Before his famed crackdown on opium, Lin Zexu initially proposed domestic opium cultivation to counter financial losses from imports, while his primary focus was reforming the expensive grain transport system to Beijing. Western observers often mischaracterized his anti-opium campaign as a clash of civilizations; however, it was largely driven by internal Chinese imperial politics and the disruptive actions of British merchants. Lin, a meticulous bureaucrat with a passion for freight management, sought a swift success in Canton to secure a coveted governorship. His approach, though seemingly xenophobic to his British adversaries, stemmed from a desire for bureaucratic efficiency rather than inherent anti-foreign sentiment. Summoned by a distraught Emperor Daoguang, as always, Lin offered certainty with his decisive solutions, proposing immediate confiscation of smoking apparatus and a radical policy of a year's suspended death sentence for opium users to compel reform through fear and public surveillance. He even touted dubious "cures" for opium addiction. Crucially, Lin and many officials overlooked the potential international ramifications of their prohibition efforts, particularly the reaction of foreign traders in Canton. This oversight, coupled with an underestimation of British military power, led to a conflict Lin seemingly had not fully anticipated, despite later claims of foresight. The Opium War, and its profound consequences, appears to have been ignited by a fit of bureaucratic urgency and a misjudgment of external forces.

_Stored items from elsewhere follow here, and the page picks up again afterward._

(* [k_{p,q}(x; r) / pure_total = 1/2 + T_r(x)], and [pure_total] is [C(r-n,p) mu(r,p)] up to the
   two normalised elementary symmetric factors. *)
Lemma pure_ratio_eq x :
  kpq n x r p q / (C (r - n) p * mu n q r p) =
  esym_norm (q - 1) p * esym_norm (n - q) (r - p - n) *
  (1 + 2 * weighted_dev x (pure_weights n q r p)).
Proof.
  pose proof pure_total_pos as HW.
  assert (HT : weighted_dev x (pure_weights n q r p) = kpq n x r p q / pure_total n r p q - 1 / 2).
  { unfold weighted_dev, pure_weights. rewrite map_map. cbn.
    rewrite (sumR_map_ext _ (fun I => / pure_total n r p q * (x I * pure_entry n r I p q)
                               + (- / (2 * pure_total n r p q)) * pure_entry n r I p q))
      by (intros; field; lra).
    rewrite sumR_map_plus, !sumR_map_scal. fold (pure_total n r p q).
    unfold kpq. change (fold_right Rplus 0) with sumR. field. lra. }
  rewrite HT.
  pose proof (pure_total_eq n r p q ltac:(lia) Hq Hp) as HWf.
  set (s2 := (r - p - n)%nat) in *. set (k1 := (q - 1)%nat) in *. set (k2 := (n - q)%nat) in *.
  replace (p + q - 1)%nat with (p + k1)%nat in HWf by (unfold k1; lia).
  replace (r - (p + q))%nat with (s2 + k2)%nat in HWf by (unfold s2, k2; lia).
  unfold pure_coef in HWf.
  replace (p + q - 1)%nat with (p + k1)%nat in HWf by (unfold k1; lia).
  replace (r - (p + q))%nat with (s2 + k2)%nat in HWf by (unfold s2, k2; lia).
  unfold C, mu, esym_norm. replace (r - n - p)%nat with s2 by (unfold s2; lia). fold s2 k1 k2.
  assert (Hn2 : 2 ^ n = 2 * 2 ^ k1 * 2 ^ k2).
  { replace n with (1 + k1 + k2)%nat at 1 by (unfold k1, k2; lia). rewrite !pow_add. cbn. ring. }
  rewrite Hn2.
  assert (0 < INR p) by (apply lt_0_INR; lia).
  assert (0 < INR s2) by (apply lt_0_INR; unfold s2; lia).
  assert (F : forall m, INR (fact m) <> 0) by (intros; apply INR_fact_neq_0).
  assert (INR p ^ k1 <> 0) by (apply pow_nonzero; lra).
  assert (INR s2 ^ k2 <> 0) by (apply pow_nonzero; lra).
  assert (2 ^ k1 <> 0) by (apply pow_nonzero; lra).
  assert (2 ^ k2 <> 0) by (apply pow_nonzero; lra).
  rewrite HWf in *.
  assert (esym_upto k1 (p + k1) <> 0) by (intros Habs; rewrite Habs in HW; lra).
  assert (esym_upto k2 (s2 + k2) <> 0) by (intros Habs; rewrite Habs in HW; lra).
  field. repeat split; auto.
Qed.
Lemma unit_sphere_transverse p q r a M (s : C) :
  (2 <= p)%nat -> (2 <= q)%nat -> (2 <= r)%nat ->
  INR p <= M -> INR q <= M -> INR r <= M -> 12 * M < a ->
  Cmod s <= / a -> sphere_transverse (fpqr p q r a) 1 s.
Proof.
  intros Hp Hq Hr HMp HMq HMr Ha Hs w Hw Hf.
  assert (Hn : nrm2 w = 1) by (rewrite nrm2_sqr, Hw; ring).
  apply transverse_at_fpqr; [lra|].
  apply (no_critical_point_unit_sphere p q r a M); try assumption. rewrite Hf. exact Hs.
Qed.

Lemma Cmod_fpqr_lt_of_small_coords p q r m a (w : C3) :
  (2 <= p)%nat -> (2 <= q)%nat -> (2 <= r)%nat -> 0 < m -> m ^ 2 * (m + 3) < a ->
  nrm2 w <= 1 -> Cmod (cx w) <= m / a -> Cmod (cy w) <= m / a -> Cmod (cz w) <= m / a ->
  Cmod (fpqr p q r a w) < / a.
Proof.
  intros Hp Hq Hr Hm Ha Hw HX HY HZ.
  assert (Ha0 : 0 < a) by (eapply Rlt_trans; [|exact Ha]; apply Rmult_lt_0_compat; nra).
  pose proof (Cmod_fpqr_bounds p q r a w ltac:(lra)) as [_ Hup].
  pose proof (sum_pows_le_nrm2 p q r w Hp Hq Hr Hw) as Hsum. unfold nrm2 in Hsum.
  pose proof (Cmod_ge_0 (cx w)); pose proof (Cmod_ge_0 (cy w)); pose proof (Cmod_ge_0 (cz w)).
  set (k := m / a) in *.
  set (X := Cmod (cx w)) in *; set (Y := Cmod (cy w)) in *; set (Z := Cmod (cz w)) in *.
  assert (X * Y * Z <= k * k * k)
    by (apply Rmult_le_compat; [nra | lra | apply Rmult_le_compat; lra | lra]).
  assert (3 * k ^ 2 + a * (k * k * k) = m ^ 2 * (m + 3) / a * / a) by (unfold k; field; lra).
  assert (m ^ 2 * (m + 3) / a * / a < 1 * / a).
  { apply Rmult_lt_compat_r; [apply Rinv_0_lt_compat; lra|].
    apply (Rmult_lt_reg_l a); [lra|]. field_simplify; lra. }
  nra.
Qed.

Lemma fiber_point_coord_large p q r m a (w : C3) :
  (2 <= p)%nat -> (2 <= q)%nat -> (2 <= r)%nat -> 0 < m -> m ^ 2 * (m + 3) < a ->
  nrm2 w <= 1 -> Cmod (fpqr p q r a w) = / a ->
  Rmax (Cmod (cx w)) (Rmax (Cmod (cy w)) (Cmod (cz w))) > m / a.
Proof.
  intros Hp Hq Hr Hm Ha Hw Hf. apply Rnot_le_gt. intros Hmax.
  pose proof (Rle_trans _ _ _ (Rmax_r _ _) Hmax) as HYZ.
  pose proof (Cmod_fpqr_lt_of_small_coords p q r m a w Hp Hq Hr Hm Ha Hw
                (Rle_trans _ _ _ (Rmax_l _ _) Hmax)
                (Rle_trans _ _ _ (Rmax_l _ _) HYZ) (Rle_trans _ _ _ (Rmax_r _ _) HYZ)).
  lra.
Qed.

Lemma two_le_of_inv_sum_le_1 (p q r : nat) :
  (0 < p)%nat -> (0 < q)%nat -> (0 < r)%nat -> / INR p + / INR q + / INR r <= 1 -> (2 <= p)%nat.
Proof.
  intros Hp Hq Hr Hinv. destruct p as [|[|p]]; [lia | exfalso | lia].
  pose proof (Rinv_0_lt_compat _ (lt_0_INR _ Hq)); pose proof (Rinv_0_lt_compat _ (lt_0_INR _ Hr)).
  simpl in Hinv. rewrite Rinv_1 in Hinv. lra.
Qed.

Lemma Cmod_cexpi (th : R) : Cmod (cexpi th) = 1.
Proof.
  unfold Cmod, cexpi; cbn [fst snd]. rewrite <- sqrt_1. f_equal.
  pose proof (sin2_cos2 th). unfold Rsqr in *. lra.
Qed.
(* Suppose the noise condition $\mathbb P_X(0<\Delta(X)\le\delta)\le(\gamma\delta/B)^\alpha$ for all $\delta>0$ holds for some $\alpha,\gamma\ge0$, and $\mathbb P(|\mathcal Z^*(X)|>1)=0$. Then for every policy $\pi:\mathbb R^p\to\mathcal Z^\angle$, $$d(\pi^*,\pi)\le 2\,d_\Delta(\pi^*,\pi),\qquad d_\Delta(\pi^*,\pi)\le c_1\, d(\pi^*,\pi)^{\frac{\alpha}{\alpha+1}},$$ where $c_1=(\alpha\gamma^\alpha)^{-\frac{\alpha}{\alpha+1}}(\alpha+1)\gamma^\alpha$.
   Context: Setting: $X\in\mathbb R^p$, $Y\in\mathbb R^d$ with $\|Y\|\le1$, $f^*(x)=\mathbb E[Y\mid X=x]$. $\mathcal Z=\{z:Az\le b\}$ is a polytope with $\sup_{z\in\mathcal Z}\|z\|\le B$ and finite set of extreme points $\mathcal Z^\angle$; $\mathcal Z^*(x)=\arg\min_{z\in\mathcal Z}f^*(x)^\top z$, $\pi^*(x)\in\mathcal Z^*(x)$; $\Delta(x)=\inf_{z\in\mathcal Z^\angle\setminus\mathcal Z^*(x)}f^*(x)^\top z-\inf_{z\in\mathcal Z}f^*(x)^\top z$ if $\mathcal Z^*(x)\ne\mathcal Z$, else $0$. For policies $\pi,\pi':\mathbb R^p\to\mathcal Z^\angle$, $d(\pi,\pi')=\frac1B\mathbb E_X[f^*(X)^\top(\pi'(X)-\pi(X))]$ and $d_\Delta(\pi,\pi')=\mathbb P_X(\pi(X)\ne\pi'(X))$. *)

From HB Require Import structures.
From mathcomp Require Import all_boot all_order all_algebra.
From mathcomp Require Import all_classical all_reals all_analysis.
Set Implicit Arguments. Unset Strict Implicit. Unset Printing Implicit Defensive.
Import Order.TTheory GRing.Theory Num.Theory.
Local Open Scope classical_set_scope.
Local Open Scope ring_scope.

Section defs.
Variable R : realType.

Definition dotv n (u v : 'cV[R]_n) : R := \sum_(i < n) u i 0 * v i 0.
Definition enorm n (v : 'cV[R]_n) : R := Num.sqrt (dotv v v).

Definition polytope m d (A : 'M[R]_(m, d)) (b : 'cV[R]_m) : set 'cV[R]_d :=
  [set z | forall i : 'I_m, (A *m z) i 0 <= b i 0].

Definition extreme_points d (S : set 'cV[R]_d) : set 'cV[R]_d :=
  [set z | S z /\ forall (x y : 'cV[R]_d) (t : R), S x -> S y -> 0 < t < 1 ->
            z = t *: x + (1 - t) *: y -> x = y].

(* Z^*(c) = argmin_{z in Z} c^T z  (c plays the role of f^*(x)) *)
Definition argminZ d (Z : set 'cV[R]_d) (c : 'cV[R]_d) : set 'cV[R]_d :=
  [set z | Z z /\ forall z', Z z' -> dotv c z <= dotv c z'].

Definition gap d (Z : set 'cV[R]_d) (c : 'cV[R]_d) : R :=
  if `[< argminZ Z c = Z >] then 0
  else inf [set dotv c z | z in extreme_points Z `\` argminZ Z c]
       - inf [set dotv c z | z in Z].

End defs.

From HB Require Import structures.
From mathcomp Require Import all_boot all_order all_algebra.
From mathcomp Require Import all_classical all_reals all_analysis.
From mathcomp Require Import ring lra measurable_realfun.
Set Implicit Arguments. Unset Strict Implicit. Unset Printing Implicit Defensive.
Import Order.TTheory GRing.Theory Num.Theory.
Local Open Scope classical_set_scope.
Local Open Scope ring_scope.

(* The excess cost [f*(X)^T (pi(X) - pi*(X))] is nonnegative, at most [2 B],
   and vanishes where the two policies agree; taking expectations gives the
   first bound.  When the optimal vertex is almost surely unique, a
   disagreement means that [pi(X)] is a suboptimal vertex, whose excess cost is
   at least the gap [Delta(X)].  So for every [delta > 0] the disagreement
   probability is at most [P(0 < Delta <= delta) + P(excess >= delta)], which
   the noise condition and Markov's inequality bound by
   [(gamma delta / B)^alpha + B d(pi*, pi) / delta]; optimizing in [delta]
   gives the second bound.  The polyhedral facts behind this (every point of a
   bounded polytope lies above an extreme point in any linear order, and two
   distinct minimizers give two distinct minimizing vertices) come from moving
   along segments through non-extreme points, which strictly decreases the
   number of slack constraints. *)

Section dotv.
Variables (R : realType) (n : nat).
Implicit Types (u v w : 'cV[R]_n) (s : R).

Lemma dotvC u v : dotv u v = dotv v u.
Proof. by apply: eq_bigr => i _; rewrite mulrC. Qed.

Lemma dotvDr u v w : dotv u (v + w) = dotv u v + dotv u w.
Proof. by rewrite /dotv -big_split; apply: eq_bigr => i _; rewrite mxE mulrDr. Qed.

Lemma dotvZr u s v : dotv u (s *: v) = s * dotv u v.
Proof. by rewrite /dotv mulr_sumr; apply: eq_bigr => i _; rewrite mxE mulrCA. Qed.

Lemma dotvNr u v : dotv u (- v) = - dotv u v.
Proof. by rewrite -scaleN1r dotvZr mulN1r. Qed.

Lemma dotvBr u v w : dotv u (v - w) = dotv u v - dotv u w.
Proof. by rewrite dotvDr dotvNr. Qed.

Lemma dotvDl u v w : dotv (u + v) w = dotv u w + dotv v w.
Proof. by rewrite dotvC dotvDr !(dotvC w). Qed.

Lemma dotvZl s u v : dotv (s *: u) v = s * dotv u v.
Proof. by rewrite dotvC dotvZr dotvC. Qed.

Lemma dotvNl u v : dotv (- u) v = - dotv u v.
Proof. by rewrite dotvC dotvNr dotvC. Qed.

Lemma dotvvD u v : dotv (u + v) (u + v) = dotv u u + 2 * dotv u v + dotv v v.
Proof. by rewrite !dotvDl !dotvDr (dotvC v u); ring. Qed.
Definition T_le_grid k := [set w | (T a w <= (grid k)%:E)%E].

Definition grid_cell k :=
  T_le_grid k `\` (if k is k'.+1 then T_le_grid k' else set0).

Lemma measurable_grid_cell k : measurable (grid_cell k).
Proof.
apply: measurableD; first exact: measurable_T_le.
by case: k => [|k] //=; exact: measurable_T_le.
Qed.

Lemma grid_cell_uniq i j w : grid_cell i w -> grid_cell j w -> i = j.
Proof.
wlog ij : i j / (i <= j)%N.
  by move=> H hi hj; case: (leqP i j) => [/H|/ltnW /H]; [exact|move=> /(_ hj hi)].
move=> [Ti _] [_ Tj]; apply/eqP; rewrite eqn_leq ij leqNgt; apply/negP.
case: j Tj {ij} => [//|j] Tj ij; apply: Tj.
by apply: (le_trans Ti); rewrite lee_fin grid_le.
Qed.

Let grid_event k := grid_cell k `&` (Z @^-1` before (grid k)%:E).

Lemma integral_grid_cell k :
  (\int[P]_(w in grid_cell k) mu w (before (grid k)%:E) = P (grid_event k))%E.
Proof.
apply: rcd_integral_setD; last exact: measurable_before.
- by case: k => [|k]; [exact: Fstop_set0|exact: Fstop_T_le (grid_ge0 k)].
- exact: Fstop_T_le (grid_ge0 k).
- case: k => [|k] //= w /= Tk; apply: (le_trans Tk).
  by rewrite lee_fin grid_le.
Qed.

Definition grid_term k := (fun w => mu w (before (grid k)%:E)) \_ (grid_cell k).

Lemma grid_term_ge0 k w : (0 <= grid_term k w)%E.
Proof. by rewrite /grid_term patchE; case: ifPn => // _; exact: measure_ge0. Qed.

Lemma measurable_grid_term k : measurable_fun setT (grid_term k).
Proof.
apply/(measurable_restrictT _ (measurable_grid_cell k)).
exact: measurable_funS (measurable_mu (measurable_before _)).
Qed.

Definition grid_mass w := (\sum_(k <oo) grid_term k w)%E.

Lemma measurable_grid_mass : measurable_fun setT grid_mass.
Proof.
by apply: ge0_emeasurable_sum => [k w _ _|k _];
  [exact: grid_term_ge0|exact: measurable_grid_term].
Qed.

Definition quick_jump :=
  [set w | (T a.+1 w < +oo)%E /\ (T a.+1 w <= T a w + (n.+1%:R^-1)%:E)%E].

Lemma measurable_quick_jump : measurable quick_jump.
Proof.
have mTa1 := measurable_T a.+1.
have mTa := emeasurable_funD (measurable_T a) (measurable_cst (n.+1%:R^-1)%:E).
have := measurableI _ _ (measurable_lte measurableT mTa1 (measurable_cst +oo%E))
                    (measurable_lee measurableT mTa1 mTa).
by rewrite !setTI.
Qed.

Lemma grid_event_quick_jump k : grid_event k `<=` quick_jump.
Proof.
move=> w [[Tk Tprev] Ta1k]; rewrite /before /= in Ta1k.
split; first exact: le_lt_trans Ta1k (ltey _).
apply: (le_trans Ta1k); case: k Tk Tprev {Ta1k} => [|k] _ /= Tprev.
  by rewrite /grid mul0r adde_ge0 ?T_ge0 // lee_fin invr_ge0.
by rewrite gridS EFinD leeD2r // ltW // ltNge; apply/negP.
Qed.

Lemma integral_grid_mass_le : (\int[P]_w grid_mass w <= P quick_jump)%E.
Proof.
rewrite integral_nneseries //; first last.
- by move=> k w _; exact: grid_term_ge0.
- exact: measurable_grid_term.
under eq_eseriesr do rewrite /grid_term -integral_mkcond integral_grid_cell.
have mE k : measurable (grid_event k).
  apply: measurableI _ _ (measurable_grid_cell k) _.
  by rewrite -[X in measurable X]setTI; exact: measurable_Z (measurable_before _).
have tE : trivIset setT grid_event.
  by move=> i j _ _ [w [[ci _] [cj _]]]; exact: grid_cell_uniq ci cj.
have <- : P (\bigcup_k grid_event k) = (\sum_(k <oo) P (grid_event k))%E.
  rewrite (measure_bigcup P setT grid_event (fun k _ => mE k) tE).
  by apply: eq_eseriesl => k; rewrite in_setT.
apply: le_measure; rewrite ?inE; first exact: bigcup_measurable.
- exact: measurable_quick_jump.
- by move=> w [k _ /grid_event_quick_jump].
Qed.

Lemma mu_before_T_le_grid_mass w :
  (T a w < +oo)%E -> (mu w (before (T a w)) <= grid_mass w)%E.
Proof.
move=> Tfin.
have [k Tk kmin] : exists2 k, (T a w <= (grid k)%:E)%E &
    forall j, (T a w <= (grid j)%:E)%E -> (k <= j)%N.
  have ex : exists k, (T a w <= (grid k)%:E)%E.
    exists (Num.truncn (fine (T a w) * n.+1%:R)).+1.
    rewrite -(@fineK _ (T a w)) ?ge0_fin_numE ?T_ge0 // lee_fin.
    by rewrite /grid ler_pdivlMr ?ltr0Sn // ltW // truncnS_gt.
  by case: (ex_minnP ex) => k; exists k.
have cell_k : grid_cell k w.
  split => //; case: k Tk kmin => [|k] Tk kmin //= /kmin.
  by rewrite ltnn.
apply: (@le_trans _ _ (grid_term k w)).
  rewrite /grid_term patchE mem_set //.
  apply: le_measure; rewrite ?inE; try exact: measurable_before.
  by move=> y; rewrite /before /= => /le_trans; apply.
rewrite /grid_mass.
apply: le_trans (nneseries_lim_ge k.+1 (fun j _ _ => grid_term_ge0 j w)).
by rewrite big_nat_recr //= leeDr // sume_ge0 // => j _; exact: grid_term_ge0.
Qed.

End grid.

Lemma quick_jump_cvg0 : (P \o quick_jump) @ \oo --> 0%E.
Proof.
rewrite -(measure0 P) -(_ : \bigcap_n quick_jump n = set0); last first.
  apply/seteqP; split => w // qj; have [Ta1fin _] := qj 0%N I.
  suff : (T a.+1 w <= T a w)%E by rewrite leNgt T_ltS.
  apply/lee_addgt0Pr => e e0.
  have [N _ /(_ N (leqnn N)) Ne] := near_infty_natSinv_lt (PosNum e0).
  have [_ /le_trans] := qj N I; apply; rewrite leeD2l // lee_fin.
  exact: ltW.
apply: nonincreasing_cvg_mu.
- by rewrite (le_lt_trans (probability_le1 _ _)) ?ltey //; exact: measurable_quick_jump.
- exact: measurable_quick_jump.
- exact: bigcapT_measurable measurable_quick_jump.
apply/nonincreasing_seqP => k; apply/subsetPset => w [Ta1fin Ta1k]; split => //.
apply: (le_trans Ta1k); rewrite leeD2l // lee_fin.
by rewrite lef_pV2 ?posrE ?ltr0Sn // ler_nat.
Qed.

Lemma ae_mu_before_T :
  {ae P, forall w, (T a w < +oo)%E -> mu w (before (T a w)) = 0%E}.
Proof.
pose psi w := einfs (grid_mass ^~ w) 0%N.
have mpsi : measurable_fun setT psi.
  exact: measurable_fun_einfs (fun n => measurable_grid_mass n) 0%N.
have psi_le n w : (psi w <= grid_mass n w)%E by apply: ereal_inf_lbound; exists n.
have psi_ge0 w : (0 <= psi w)%E.
  apply/ereal_infP => _ [k _ <-].
  by apply: nneseries_ge0 => j _ _; exact: grid_term_ge0.
have int_psi : (\int[P]_w psi w = 0)%E.
  apply/eqP; rewrite eq_le integral_ge0 ?andbT // -(cvg_lim _ quick_jump_cvg0) //.
  apply: lime_ge; first by apply/cvg_ex; exists 0%E; exact: quick_jump_cvg0.
  apply: nearW => n /=; apply: le_trans (integral_grid_mass_le n).
  by apply: ge0_le_integral => //; exact: measurable_grid_mass.
have := ge0_integral_eq0_ae measurableT mpsi (fun w _ => psi_ge0 w) int_psi.
apply: filterS => w /(_ I) psi0 Tfin; apply/eqP; rewrite eq_le measure_ge0 andbT -psi0.
by apply/ereal_infP => _ [k _ <-]; exact: mu_before_T_le_grid_mass.
Qed.
(* Let $X$ be a finite $T_0$-space with more than one point. If $x\in X$ is a maximum or a minimum of $X$, then $p_X(\lambda)=-\lambda\, p_{X\setminus\{x\}}(\lambda)$, where $p_Y(\lambda)=\det(Y_M-\lambda I)$.
   Context: A finite $T_0$-space is identified with a finite poset via $x\le y$ iff $U_x\subseteq U_y$, where $U_x$ is the minimal open set containing $x$; subsets carry the induced order. For a labelling $Y=\{y_1,\dots,y_m\}$, $Y_M=(y_{i,j})$ is the $m\times m$ matrix with $y_{i,j}=0$ if $y_i\le y_j$ and $y_{i,j}=1$ otherwise. *)

From mathcomp Require Import all_boot all_order all_algebra.
Set Implicit Arguments. Unset Strict Implicit. Unset Printing Implicit Defensive.
Import GRing.Theory.
Local Open Scope ring_scope.

Section FiniteSpaces.
Variable T : finType.

(* A topology on the finite carrier T, given by its family of open sets.
   Since T is finite, closure under binary unions gives closure under
   arbitrary unions. *)
Definition is_topology (O : {set {set T}}) : bool :=
  [&& set0 \in O, setT \in O &
      [forall U in O, forall V in O, (U :|: V \in O) && (U :&: V \in O)]].

Definition T0_space (O : {set {set T}}) : Prop :=
  forall x y : T, x != y -> exists U, U \in O /\ (x \in U) != (y \in U).

Definition minopen (O : {set {set T}}) (x : T) : {set T} :=
  \bigcap_(U in O | x \in U) U.

Definition fle (O : {set {set T}}) (x y : T) : bool :=
  minopen O x \subset minopen O y.

Definition YM (O : {set {set T}}) (A : {set T}) : 'M[int]_#|A| :=
  \matrix_(i, j) (if fle O (enum_val i) (enum_val j) then 0 else 1).

Definition pY (O : {set {set T}}) (A : {set T}) : {poly int} :=
  \det (map_mx polyC (YM O A) - 'X%:M).

End FiniteSpaces.

(* Let x be a maximum of Y.  The column of x in Y_M - lambda I is zero except
   for the diagonal entry -lambda, since y <= x for every y and x <= x.
   Expanding the determinant along that column leaves -lambda times the
   principal minor at x, which is (Y \ {x})_M - lambda I up to a simultaneous
   relabelling of rows and columns, and such a relabelling does not change the
   determinant.  For a minimum one expands along the row of x instead. *)
From mathcomp Require Import all_boot all_order all_algebra.
From mathcomp Require Import fingroup perm.
Import GRing.Theory.
Local Open Scope ring_scope.

Section DeterminantLemmas.
Variable R : comNzRingType.

Lemma cofactor_diag n (M : 'M[R]_n) i :
  cofactor M i i = \det (row' i (col' i M)).
Proof. by rewrite /cofactor addnn -signr_odd odd_double mul1r. Qed.

Lemma det_zero_col n (M : 'M[R]_n) i :
  (forall j, j != i -> M j i = 0) -> \det M = M i i * \det (row' i (col' i M)).
Proof.
move=> M_col0; rewrite (expand_det_col _ i) (bigD1 i) //= big1 ?addr0.
  by rewrite cofactor_diag.
by move=> j /M_col0 ->; rewrite mul0r.
Qed.

Lemma det_zero_row n (M : 'M[R]_n) i :
  (forall j, j != i -> M i j = 0) -> \det M = M i i * \det (row' i (col' i M)).
Proof.
move=> M_row0; rewrite -det_tr (@det_zero_col _ _ i) => [|j ji]; last first.
  by rewrite mxE M_row0.
rewrite mxE -[in RHS]det_tr; congr (_ * \det _).
by apply/matrixP=> j k; rewrite !mxE.
Qed.

Lemma det_reindex m n (M : 'M[R]_m) (N : 'M[R]_n) (f : 'I_m -> 'I_n) :
  m = n -> injective f -> (forall i j, M i j = N (f i) (f j)) ->
  \det M = \det N.
Proof.
move=> eq_mn f_inj MN; subst n; pose s : 'S_m := perm f_inj.
have -> : M = row_perm s (col_perm s N) by apply/matrixP=> i j; rewrite !mxE !permE.
rewrite row_permE col_permE !det_mulmx !det_perm odd_permV.
by rewrite mulrCA -signr_addb addbb mulr1.
Qed.

End DeterminantLemmas.

Section ExtremalPoint.
Variables (T : finType) (O : {set {set T}}) (A : {set T}) (x : T).
Hypothesis xA : x \in A.

Definition charYM (B : {set T}) : 'M[{poly int}]_#|B| :=
  map_mx polyC (YM O B) - 'X%:M.

Lemma pYE B : pY O B = \det (charYM B).
Proof. by []. Qed.

Lemma charYME B i j :
  charYM B i j =
  (if fle O (enum_val i) (enum_val j) then 0 else 1)%:P - 'X *+ (i == j).
Proof. by rewrite !mxE. Qed.

Let ix : 'I_#|A| := enum_rank_in xA x.

Let ixK : enum_val ix = x.
Proof. exact: enum_rankK_in. Qed.

Lemma enum_val_lift_notx j : enum_val (lift ix j) \in A :\ x.
Proof.
rewrite !inE enum_valP andbT -ixK; apply: contraNneq (neq_lift ix j).
by move/enum_val_inj ->.
Qed.

Lemma det_minor_charYM :
  \det (row' ix (col' ix (charYM A))) = \det (charYM (A :\ x)).
Proof.
pose f j : 'I_#|A :\ x| :=
  enum_rank_in (enum_val_lift_notx j) (enum_val (lift ix j)).
have fK j : enum_val (f j) = enum_val (lift ix j).
  exact: enum_rankK_in (enum_val_lift_notx j).
have f_inj : injective f.
  by move=> j k /(congr1 enum_val); rewrite !fK => /enum_val_inj /lift_inj.
apply: (@det_reindex _ _ _ _ _ f) => // [|i j].
  by rewrite (cardsD1 x A) xA.
by rewrite !mxE !fK (inj_eq f_inj) (inj_eq (@lift_inj _ ix)).
Qed.

Lemma pY_maximum : {in A, forall y, fle O y x} -> pY O A = - 'X * pY O (A :\ x).
Proof.
move=> x_max; rewrite !pYE -det_minor_charYM (@det_zero_col _ _ _ ix).
  by rewrite charYME ixK x_max // eqxx sub0r.
by move=> j /negPf jx; rewrite charYME ixK x_max ?enum_valP // jx subr0.
Qed.

Lemma pY_minimum : {in A, forall y, fle O x y} -> pY O A = - 'X * pY O (A :\ x).
Proof.
move=> x_min; rewrite !pYE -det_minor_charYM (@det_zero_row _ _ _ ix).
  by rewrite charYME ixK x_min // eqxx sub0r.
by move=> j /negPf jx; rewrite charYME ixK x_min ?enum_valP // eq_sym jx subr0.
Qed.

End ExtremalPoint.

Theorem mainTheorem15 (T : finType) (O : {set {set T}}) :
  is_topology O -> T0_space O -> (1 < #|T|)%N ->
  forall x : T,
    ((forall y : T, fle O y x) \/ (forall y : T, fle O x y)) ->
    pY O [set: T] = - 'X * pY O ([set: T] :\ x).
Proof.
move=> _ _ _ x [x_max | x_min].
- by apply: pY_maximum => [|y _]; rewrite ?inE.
- by apply: pY_minimum => [|y _]; rewrite ?inE.
Qed.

He traveled to Canton, lasting two months from Beijing, with a remarkably small entourage, consisting of just an outrider, six guards, and three kitchen staff who remained constantly with him, preventing any opportunities for them to exploit local innkeepers along the route. This minimalist approach reflected his unwavering commitment to virtue. Soon after his arrival in Guangdong in the middle of 1839, Lin wrote a memorial to the "Ruler of England" in the form of an open letter published in Canton, urging England to end the opium trade. He argued that China was providing Britain with valuable commodities such as tea, porcelain, spices and silk, with Britain sending only "poison" in return. He accused the foreigner traders of coveting profit and lacking morality. His memorial expressed a desire that the ruler would act "in accordance with decent feeling" and support his efforts. Since he believed that opium was banned in the United Kingdom, he thought it was wrong for Queen Victoria to support it in China. He wrote:

We find that your country is sixty or seventy thousand li from China. The purpose of your ships in coming to China is to realize a large profit. Since this profit is realized in China and is in fact taken away from the Chinese people, how can foreigners return injury for the benefit they have received by sending this poison to harm their benefactors?

They may not intend to harm others on purpose, but the fact remains that they are so obsessed with material gain that they have no concern whatever for the harm they can cause to others. Have they no conscience? I have heard that you strictly prohibit opium in your own country, indicating unmistakably that you know how harmful opium is. You do not wish opium to harm your own country, but you choose to bring that harm to other countries such as China. Why?

The products that originate from China are all useful items. They are good for food and other purposes and are easy to sell. Has China produced one item that is harmful to foreign countries? For instance, tea and rhubarb are so important to foreigners' livelihood that they have to consume them every day. Were China to concern herself only with her own advantage without showing any regard for other people's welfare, how could foreigners continue to live?

I have heard that the areas under your direct jurisdiction such as London, Scotland, and Ireland do not produce opium; it is produced instead in your Indian possessions such as Bengal, Madras, Bombay, Patna, and Malwa. In these possessions the English people not only plant opium poppies that stretch from one mountain to another but also open factories to manufacture this terrible drug.

As months accumulate and years pass by, the poison they have produced increases in its wicked intensity, and its repugnant odor reaches as high as the sky. Heaven is furious with anger, and all the gods are moaning with pain! It is hereby suggested that you destroy and plow under all of these opium plants and grow food crops instead, while issuing an order to punish severely anyone who dares to plant opium poppies again.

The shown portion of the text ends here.